Yu, M, Li, X, Chen, M, Liu, L, Yao, T, Li, J, Su, W
Nutrition journal. 2024;(1):17
Abstract
BACKGROUNDS & AIMS The nutritional evaluation of pancreatic cancer (PC) patients lacks a gold standard or scientific consensus, we aimed to summarize and systematically evaluate the prognostic value of nutritional screening and assessment tools used for PC patients. METHODS Relevant studies were retrieved from major databases (PubMed, Embase, Web of Science, Cochrane Library) and searched from January 2010 to December 2023. We performed meta-analyses with STATA 14.0 when three or more studies used the same tool. RESULTS This analysis included 27 articles involving 6,060 PC patients. According to a meta-analysis of these studies, poor nutritional status evaluated using five nutritional screening tools Prognostic Nutritional Index (PNI), Geriatric Nutritional Risk Index (GNRI), Controlling Nutritional Status Score (CONUT), Nutrition Risk Screening (NRS2002) and Glasgow Prognostic Score (GPS) was associated with all-cause mortality in PC patients.

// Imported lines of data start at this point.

(* Let $(G,\prec)$ be an $\mathcal{H}$-free ordered graph and let $V[x,y]$ be a valid segment. Then the set $S(x,y)\cup\{x,y\}$ induces a capped ordered subgraph of $(G,\prec)$.
   Context: An ordered graph is a pair $(G,\prec)$ with $G$ a finite graph and $\prec$ a linear order on $V(G)$; induced subgraphs carry the restricted order. It is capped if for any $a\prec b\prec c\prec d$ with $ac,bd\in E(G)$ we have $ad\in E(G)$. For $a\prec b\prec c\prec d$ with $ac,bd\in E(G)$, $ac$ crosses $bd$. A rotation of $\prec$ is any order obtained by repeatedly making the largest element the smallest. For $u\prec v$, a crossing sequence from $u$ to $v$ is a sequence of distinct edges $e_1,\dots,e_k$ with $u$ the smaller end of $e_1$, $v$ the larger end of $e_k$, and $e_i$ crossing $e_{i+1}$ for $1\le i<k$; if $v\prec u$, a crossing sequence from $u$ to $v$ is one with respect to any rotation $\prec'$ of $\prec$ with $u\prec'v$. $\mathcal{H}$ is the family of ordered graphs containing two non-adjacent vertices $u,v$ with a crossing sequence from $u$ to $v$ and one from $v$ to $u$; $\mathcal{H}$-free means no induced ordered subgraph lies in $\mathcal{H}$. For $x\prec y$, the segment $V[x,y]$ is the set of vertices $v$ with $x\preceq v\preceq y$; similarly $V[x,y)$, $V(x,y]$, $V(x,y)$ denote the half-open and open versions. $V[x,y]$ is valid if there is a crossing sequence from $y$ to $x$. A vertex $v$ is left-reachable from $V[x,y]$ if $v\in V[x,y)$ and there is a crossing sequence from $y$ to $v$; right-reachable if $v\in V(x,y]$ and there is a crossing sequence from $v$ to $x$; $S(x,y)$ denotes the set of vertices that are both left- and right-reachable from $V[x,y]$. *)

From mathcomp Require Import all_boot.
Set Implicit Arguments.
Unset Strict Implicit.
Unset Printing Implicit Defensive.

(* An ordered graph: a finite type T of vertices, a symmetric irreflexive
   adjacency relation E, and a strict linear order r (r x y means x ≺ y).
   Induced ordered subgraphs are given by a vertex set W : {set T}; all
   notions below are relative to W, with edges and order restricted to W. *)

Section OrderedGraphs.
Variable T : finType.

Definition strict_linear_order (r : rel T) : Prop :=
  [/\ irreflexive r, transitive r & forall x y, x != y -> r x y || r y x].

Definition is_max (W : {set T}) (r : rel T) (z : T) : bool :=
  (z \in W) && [forall w in W, ~~ r z w].

(* one rotation step (on W): the largest element becomes the smallest *)
Definition rot_step (W : {set T}) (r : rel T) : rel T :=
  fun x y => if is_max W r y then false else if is_max W r x then true else r x y.

Definition rotation (W : {set T}) (r : rel T) (k : nat) : rel T :=
  iter k (rot_step W) r.

Definition is_edge (W : {set T}) (E : rel T) (r : rel T) (e : T * T) : bool :=
  [&& e.1 \in W, e.2 \in W, E e.1 e.2 & r e.1 e.2].

Definition crosses (r : rel T) (e f : T * T) : bool :=
  [&& r e.1 f.1, r f.1 e.2 & r e.2 f.2].

Definition crossing_seq (W : {set T}) (E : rel T) (r : rel T) (u v : T)
    (s : seq (T * T)) : bool :=
  if s is e :: s' then
    [&& uniq s, all (is_edge W E r) s, e.1 == u, (last e s').2 == v
      & path (crosses r) e s']
  else false.

Definition has_cs (W : {set T}) (E : rel T) (r : rel T) (u v : T) : Prop :=
  (r u v /\ exists s, crossing_seq W E r u v s) \/
  (r v u /\ exists k, rotation W r k u v /\
            exists s, crossing_seq W E (rotation W r k) u v s).

Definition H_free (E : rel T) (r : rel T) : Prop :=
  forall (W : {set T}) (u v : T), u \in W -> v \in W -> ~~ E u v ->
    has_cs W E r u v -> has_cs W E r v u -> False.

Definition capped_on (E : rel T) (r : rel T) (P : T -> Prop) : Prop :=
  forall a b c d, P a -> P b -> P c -> P d ->
    r a b -> r b c -> r c d -> E a c -> E b d -> E a d.

Definition valid_segment (E : rel T) (r : rel T) (x y : T) : Prop :=
  has_cs [set: T] E r y x.

Definition left_reachable (E : rel T) (r : rel T) (x y v : T) : Prop :=
  (x = v \/ r x v) /\ r v y /\ has_cs [set: T] E r y v.

Definition right_reachable (E : rel T) (r : rel T) (x y v : T) : Prop :=
  r x v /\ (v = y \/ r v y) /\ has_cs [set: T] E r v x.

Definition in_S (E : rel T) (r : rel T) (x y v : T) : Prop :=
  left_reachable E r x y v /\ right_reachable E r x y v.

End OrderedGraphs.

From mathcomp Require Import all_boot.
From Stdlib Require Import FunctionalExtensionality.

Set Implicit Arguments.
Unset Strict Implicit.
Unset Printing Implicit Defensive.

(* Suppose a ≺ b ≺ c ≺ d lie in S(x,y) ∪ {x,y} with ac, bd ∈ E but ad ∉ E.
   The edges ac, bd form a crossing sequence from a to d.  On the other
   hand d reaches x and y reaches a by crossing sequences (by membership in
   S(x,y), or by validity of V[x,y] when d = y or a = x).  The rotations of
   ≺ are exactly the orders that put an up-closed set U in front of its
   complement; both sequences stay crossing sequences in the rotation with
   U = {w | d ⪯ w}, where d ⪯ y ≺ x ⪯ a.  Crossing walks u → v and w → z
   with u ⪯ w ≺ v ⪯ z splice into one from u to z, so d also reaches a, and
   the non-adjacent pair {a, d} contradicts H-freeness. *)

Definition le_of (T : eqType) (r : rel T) (a b : T) : bool := (a == b) || r a b.

Section StrictLinearOrder.
Variables (T : finType) (r : rel T).
Hypothesis r_lin : strict_linear_order r.

Lemma lt_irr a : r a a = false.
Proof. by case: r_lin => irr _ _; apply: irr. Qed.

Lemma lt_trans a b c : r a b -> r b c -> r a c.
Proof. by case: r_lin => _ tr _; apply: tr. Qed.

Lemma lt_asym a b : r a b -> r b a = false.
Proof. by move=> rab; apply/negbTE/negP => /(lt_trans rab); rewrite lt_irr. Qed.

Lemma le_refl a : le_of r a a.
Proof. by rewrite /le_of eqxx. Qed.

Lemma ltW a b : r a b -> le_of r a b.
Proof. by rewrite /le_of => ->; rewrite orbT. Qed.

Lemma lt_le_trans a b c : r a b -> le_of r b c -> r a c.
Proof. by move=> rab /orP[/eqP<- // | /(lt_trans rab)]. Qed.

Lemma le_lt_trans a b c : le_of r a b -> r b c -> r a c.
Proof. by case/orP=> [/eqP-> // | /lt_trans]; apply. Qed.

Lemma le_trans a b c : le_of r a b -> le_of r b c -> le_of r a c.
Proof. by case/orP=> [/eqP-> // | rab] /(lt_le_trans rab)/ltW. Qed.

Lemma lt_leF a b : r a b -> le_of r b a = false.
Proof.
by move=> rab; rewrite /le_of lt_asym // orbF; apply: contraTF rab => /eqP->; rewrite lt_irr.
Qed.

Lemma nlt_le a b : ~~ r a b -> le_of r b a.
Proof.
case: r_lin => _ _ tot nrab; rewrite /le_of; case: (eqVneq b a) => //= nba.
by case/orP: (tot _ _ nba) => // rab; rewrite rab in nrab.
Qed.

Lemma converse_linear : strict_linear_order (fun a b => r b a).
Proof.
case: r_lin => irr tr tot; split => // [b a c h1 h2 | a b nab].
- exact: tr h2 h1.
- by rewrite orbC; apply: tot.
Qed.

Lemma exists_max (A : {set T}) a0 : a0 \in A ->
  exists2 z, z \in A & forall w, w \in A -> w != z -> r w z.
Proof.
move=> Aa0; have [z Az zmax] := arg_maxnP (fun z => #|[set v in A | r v z]|) Aa0.
exists z => // w Aw nwz; case: r_lin => _ _ tot.
case/orP: (tot _ _ nwz) => // rzw.
suff lt_zw : #|[set v in A | r v z]| < #|[set v in A | r v w]|.
  by have := zmax w Aw; rewrite /= leqNgt lt_zw.
apply: proper_card; apply/properP; split.
  by apply/subsetP => v; rewrite !inE => /andP[-> /lt_trans->].
by exists z; rewrite !inE ?lt_irr ?andbF // rzw andbT; exact: Az.
Qed.

End StrictLinearOrder.

Definition crossing_walk (T : finType) (W : {set T}) (E r : rel T) (u v : T)
    (s : seq (T * T)) : bool :=
  if s is e :: s' then
    [&& all (is_edge W E r) s, e.1 == u, (last e s').2 == v
      & path (crosses r) e s']
  else false.

Section CrossingWalks.
Variables (T : finType) (W : {set T}) (E r : rel T).
Local Notation walk := (crossing_walk W E r).

Lemma crossing_seq_walk u v s : crossing_seq W E r u v s -> walk u v s.
Proof. by case: s => [|e s] // /andP[_]. Qed.

Lemma crossing_walk_seq u v s : walk u v s -> exists s', crossing_seq W E r u v s'.
Proof.
case: s => [|e s] // /and4P[all_s eu ev pth]; move: ev.
case: (shortenP pth) => s' pth' uniq_s' sub_s' ev; exists (e :: s').
have all_s' : all (is_edge W E r) (e :: s').
  apply/allP=> f; rewrite inE => /predU1P[-> | /sub_s' f_s]; apply: (allP all_s).
    exact: mem_head.
  by rewrite inE f_s orbT.
by rewrite /crossing_seq uniq_s' all_s' eu ev pth'.
Qed.

Lemma crossing_walk_join e R f Q u z :
  walk u (last e R).2 (e :: R) -> walk f.1 z (f :: Q) -> crosses r (last e R) f ->
  walk u z (e :: R ++ f :: Q).
Proof.
case/and4P=> HeR eu _ pR /and4P[HfQ _ fz pQ] cross.
by rewrite /crossing_walk -cat_cons all_cat HeR HfQ eu last_cat fz cat_path pR /= cross pQ.
Qed.
(* Let $n,m$ be positive integers with $m+2\le n$ and let $H$ be a graph. Then $$\gamma_{gr}(P_n^m\circ H)=\begin{cases}\left\lceil \frac{n}{m+1}\right\rceil (\gamma_{gr} (H)-(m+1))+n+m & \text{if } \gamma_{gr}(H)\geq m+1,\\ 2\gamma_{gr}(H)+n-m-2 & \text{if } \gamma_{gr}(H)\leq m.\end{cases}$$
   Context: $P_n^m$ has vertex set $[n]$, distinct $i,j$ adjacent iff $|i-j|\le m$. The lexicographic product $G\circ H$ has vertex set $V(G)\times V(H)$, with $(g_1,h_1)$ adjacent to $(g_2,h_2)$ iff $g_1g_2\in E(G)$, or $g_1=g_2$ and $h_1h_2\in E(H)$. $\gamma_{gr}$ is the Grundy domination number: the maximum length of a sequence $(v_1,\dots,v_k)$ of distinct vertices whose set is dominating and such that each $N[v_i]\setminus\bigcup_{j<i}N[v_j]$ is non-empty ($N[\cdot]$ the closed neighborhood). *)

From mathcomp Require Import all_boot.
Set Implicit Arguments. Unset Strict Implicit. Unset Printing Implicit Defensive.

(* A finite simple graph is a vertex finType T with an adjacency relation
   e : rel T that is symmetric and irreflexive. *)

Definition cnbh (T : finType) (e : rel T) (v : T) : {set T} :=
  [set u | (u == v) || e v u].

Fixpoint legal_from (T : finType) (e : rel T) (covered : {set T}) (s : seq T)
  : bool :=
  match s with
  | [::] => true
  | v :: s' => ~~ (cnbh e v \subset covered)
               && legal_from e (covered :|: cnbh e v) s'
  end.

Definition dominating_seq (T : finType) (e : rel T) (s : seq T) : bool :=
  \bigcup_(v <- s) cnbh e v == [set: T].

Definition is_gds (T : finType) (e : rel T) (s : seq T) : bool :=
  [&& uniq s, dominating_seq e s & legal_from e set0 s].

(* Grundy domination number: maximum length of a Grundy dominating sequence.
   Such sequences are duplicate-free, so their length is at most #|T|. *)
Definition gamma_gr (T : finType) (e : rel T) : nat :=
  \max_(k < #|T|.+1 | [exists t : k.-tuple T, is_gds e t]) k.

Definition lexprod (T1 T2 : finType) (e1 : rel T1) (e2 : rel T2) : rel (T1 * T2) :=
  fun x y => e1 x.1 y.1 || ((x.1 == y.1) && e2 x.2 y.2).

(* P_n^m on vertex set 'I_n (i.e. {0,...,n-1}, a shift of [n]):
   distinct i, j adjacent iff |i - j| <= m. *)
Definition path_pow (n m : nat) : rel 'I_n :=
  fun i j => (i != j) && (i - j <= m) && (j - i <= m).

Definition ceildiv (a b : nat) : nat := (a + b.-1) %/ b.
Arguments path_pow : clear implicits.

(* Layers of P_n^m o H are the copies {i} x V(H).
   Lower bound: a Grundy dominating sequence of H placed in layer 0 dominates
   layers 0..m; then the single vertices (t, x0), t = 1, 2, ..., each footprint
   the one new layer t + m; k - 1 further copies of the sequence of H, in
   layers m + 1 apart, finish the domination.  This gives a Grundy dominating
   sequence of length k gamma(H) + n - 1 - (k - 1)(m + 1), and k = ceil(n/(m+1))
   or k = 2 yields the two cases.
   Upper bound: call a step internal if it footprints a vertex of its own
   layer.  A non-internal step footprints a vertex of a layer j near its own,
   hence completes the domination of the whole layer j, and distinct such steps
   complete distinct layers.  The H-coordinates of the internal steps in one
   layer form a legal sequence of H: at most gamma(H) of them, and at most
   gamma(H) - 1 unless that layer is completed by one of them.  Layers that
   contain internal steps are pairwise more than m apart, so there are at most
   ceil(n/(m+1)) of them, and between two consecutive ones, the first step in
   whichever of the two is visited first completes the m layers of the gap
   next to it.  Counting layers gives the bound. *)

From mathcomp Require Import all_boot zify.
Set Implicit Arguments. Unset Strict Implicit. Unset Printing Implicit Defensive.

(** * Grundy sequences *)

Section GrundySequences.
Variables (T : finType) (e : rel T).

Definition cnbhs (s : seq T) : {set T} := \bigcup_(v <- s) cnbh e v.

Lemma cnbhs_nil : cnbhs [::] = set0.
Proof. by rewrite /cnbhs big_nil. Qed.

Lemma cnbhs_cons v s : cnbhs (v :: s) = cnbh e v :|: cnbhs s.
Proof. by rewrite /cnbhs big_cons. Qed.

Lemma cnbhs_cat s1 s2 : cnbhs (s1 ++ s2) = cnbhs s1 :|: cnbhs s2.
Proof. by rewrite /cnbhs big_cat. Qed.

Lemma cnbhsP w s : reflect (exists2 v, v \in s & w \in cnbh e v) (w \in cnbhs s).
Proof. by rewrite /cnbhs bigcup_seq; exact: bigcupP. Qed.

Lemma legal_from_cat (C : {set T}) s1 s2 :
  legal_from e C (s1 ++ s2) = legal_from e C s1 && legal_from e (C :|: cnbhs s1) s2.
Proof.
elim: s1 C => [|v s IH] C /=; first by rewrite cnbhs_nil setU0.
by rewrite IH cnbhs_cons setUA andbA.
Qed.

Lemma legal_from_uniq (C : {set T}) s : legal_from e C s -> uniq s.
Proof.
elim: s C => [|v s IH] C //= /andP [_ legal_s]; rewrite (IH _ legal_s) andbT.
have notin_cnbhs (D : {set T}) w r :
    legal_from e D r -> w \in r -> ~~ (cnbh e w \subset D).
  elim: r D => [|u r IHr] D //= /andP [fresh_u legal_r].
  rewrite in_cons => /predU1P [->//|w_r].
  by apply: contra (IHr _ legal_r w_r) => /subset_trans; apply; apply: subsetUl.
by apply/negP => /(notin_cnbhs _ _ _ legal_s); rewrite subsetUr.
Qed.

Lemma mem_cnbh v : v \in cnbh e v.
Proof. by rewrite inE eqxx. Qed.

Lemma legal_from_completion (C : {set T}) :
  exists s, legal_from e C s /\ C :|: cnbhs s = setT.
Proof.
have [k] : exists k, #|~: C| < k by exists #|~: C|.+1.
elim: k C => [//|k IH] C lt_k.
case: (pickP [pred u | u \notin C]) => [u /= u_C | C_full]; last first.
  exists [::]; split=> //; rewrite cnbhs_nil setU0; apply/setP => x.
  by rewrite in_setT; exact/negbFE/C_full.
have lt_k' : #|~: (C :|: cnbh e u)| < k.
  rewrite -ltnS (leq_trans _ lt_k) // ltnS proper_card // properC.
  apply/properP; split; first exact: subsetUl.
  by exists u; rewrite // in_setU mem_cnbh orbT.
have [s [legal_s cover_s]] := IH _ lt_k'.
exists (u :: s); rewrite /= cnbhs_cons setUA cover_s legal_s andbT; split=> //.
by apply: contra u_C => /subsetP; apply; rewrite mem_cnbh.
Qed.

Lemma is_gdsE s : is_gds e s = legal_from e set0 s && (cnbhs s == setT).
Proof.
rewrite /is_gds /dominating_seq -/(cnbhs s).
case: (boolP (legal_from e set0 s)) => [legal_s|]; last by rewrite !andbF.
by rewrite (legal_from_uniq legal_s) andbT.
Qed.

Lemma legal_extends_to_gds s : legal_from e set0 s ->
  exists s', is_gds e (s ++ s') /\ cnbhs s :|: cnbhs s' = setT.
Proof.
move=> legal_s; have [s' []] := legal_from_completion (set0 :|: cnbhs s).
rewrite set0U => legal_s' cover_s'; exists s'; split=> //.
by rewrite is_gdsE legal_from_cat legal_s set0U legal_s' cnbhs_cat cover_s' eqxx.
Qed.

Lemma gds_size_lt_card s : is_gds e s -> size s < #|T|.+1.
Proof. by case/and3P=> /card_uniqP <- _ _; rewrite ltnS max_card. Qed.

But Modified Glasgow Prognostic Score (mGPS) did not. Of all tools analyzed, CONUT had the maximum HR for mortality (HR = 1.978, 95%CI 1.345-2.907, P = 0.001). CONCLUSION All-cause mortality in PC patients was predicted by poor nutritional status. CONUT may be the best nutritional assessment tool for PC patients. The clinical application value of Short Form Mini Nutritional Assessment (MNA-SF), Generated Subjective Global Assessment (SGA) and Patient-generated Subjective Global Assessment (PG-SGA) in PC patients need to be confirmed. In order to improve patients' nutritional status and promote their recovery, nutritional screening tools can be used. REGISTRATION This systematic review was registered at the International Prospective Register of Systematic Reviews (PROSPERO) (number CRD42022376715).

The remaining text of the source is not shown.